Apple macOS and iOS implement RFC 6762 (Multicast DNS), which reserves the .local domain for Bonjour service discovery. When the operating system encounters a DNS query for a hostname ending in .local, it routes the query to the mDNS resolver instead of the standard unicast DNS resolver. This behavior is by design and cannot be disabled globally. The VPN tunnel DNS server is never queried for .local names, causing resolution failures.

Resolution

Option 1: Migrate Away from .local

If you are planning a new network or can migrate your existing Active Directory domain, avoid using .local as your internal domain suffix. Use an ICANN-compliant domain suffix instead:

  • A subdomain of a domain you own (for example, corp.example.com) — this is the best practice per Microsoft and IETF guidance
  • .internal — recently reserved by IETF for private-use networks
  • .lan, .intranet, .private — commonly used but not formally reserved; functional for most environments

Option 2: Use Two-Label .local Names

If your network already uses .local, you can use two-label names (for example, "corp.local" instead of single-label "server.local"). Apple Bonjour treats two-label .local names differently and will forward them to the unicast DNS resolver in addition to mDNS. This is compliant with the IANA assignment of .local to Bonjour.

Option 3: MacOS Resolver Directory Workaround

On macOS, you can create a custom resolver configuration that forces .local queries to a specific DNS server. This workaround does not require changing the domain on the server side.

  1. Open Terminal on the macOS device.
  2. Create the resolver directory if it does not exist: sudo mkdir -p /etc/resolver
  3. Create a file named "local" in that directory: sudo nano /etc/resolver/local
  4. Add the following content (replace with your internal DNS server IP):
    nameserver 10.0.0.1
    timeout 2
  5. Save the file and test with: dscacheutil -q host -a name server1.corp.local

Important: The /etc/resolver/ workaround persists across reboots but must be configured on each macOS device. For managed environments, consider deploying this configuration via an MDM profile. This workaround is not available on iOS or iPadOS — for those devices, Option 1 or Option 2 is required.

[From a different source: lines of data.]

Definition Naturality_ax (M : Monad) (d : Dagger M) : Prop :=
  forall X Y Z (g : Y -> T M Z) (f : X -> T M (Y + X)) (x : X),
    bind g (d X Y f x) =
    d X Z (fun x' => bind (copair (fun y => bind (fun z => @ret M (Z + X) (inl z)) (g y))
                                  (fun x'' => @ret M (Z + X) (inr x'')))
                          (f x')) x.

Definition Codiagonal_ax (M : Monad) (d : Dagger M) : Prop :=
  forall X Y (f : X -> T M ((Y + X) + X)) (x : X),
    d X Y (d X (Y + X)%type f) x =
    d X Y (fun x' => bind (copair (@ret M (Y + X)) (fun x'' => @ret M (Y + X) (inr x'')))
                          (f x')) x.

Definition Uniformity_ax (M : Monad) (d : Dagger M) : Prop :=
  forall X Y Z (h : X -> Z) (g : Z -> T M (Y + Z)) (f : X -> T M (Y + X)),
    (forall x, g (h x) = bind (fun s => @ret M (Y + Z) (summap h s)) (f x)) ->
    forall x, d Z Y g (h x) = d X Y f x.

(* All four counterexamples live on the monad [Outcome] of nondeterminism with
   divergence on Set: [Outcomes X] is a set of possible results in X together with
   a proposition "the computation may diverge" (i.e. the powerset of X + 1), or on
   its submonad [NEOutcome] of nonempty such sets.

   A loop body F : X -> Outcomes (Y + X) is a graph on X: x steps to x' when
   inr x' is a possible result of F x, x exits with y when inl y is, and x fails when
   F x may diverge.  A "trace dagger" F^dagger x collects the exits and failures
   reachable from x, plus whatever a chosen divergence behaviour [div] contributes
   at x.  Fixpoint and Uniformity hold for every trace dagger whose divergence
   behaviour is invariant under steps and under loop morphisms; Naturality and
   Codiagonal are checked per behaviour, the latter through the fact that a loop
   whose body is a loop behaves as the flattened loop ([nested_outcome]).

   The counterexamples are:
   - the empty dagger (only Fixpoint fails);
   - "chaos": an infinite run yields every result and divergence (Naturality fails);
   - "silent divergence" on nonempty outcomes: divergence only along runs that pass
     through nodes without exits (Codiagonal fails);
   - divergence is flagged only when the state space is a subsingleton
     (Uniformity fails). *)

From Stdlib Require Import Relation_Operators FunctionalExtensionality
  PropExtensionality ProofIrrelevance Classical.
From Stdlib Require Operators_Properties.

(** Possible results together with the possibility of divergence. *)
Definition Outcomes (X : Type) : Type := ((X -> Prop) * Prop)%type.

Definition pure {X : Type} (x : X) : Outcomes X := (fun y => y = x, False).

SMA1000 DNS Configuration Check

Regardless of which workaround you use, verify that the SMA1000 tunnel DNS settings are correctly configured:

  1. In the AMC, navigate to System Configuration > DNS.
  2. Confirm that the DNS server listed can resolve your internal .local hostnames.
  3. Under the tunnel profile (Services > Settings), confirm the DNS search domain includes your internal domain suffix.
  4. If using split DNS, ensure that .local (or your replacement suffix) is included in the split DNS domain list.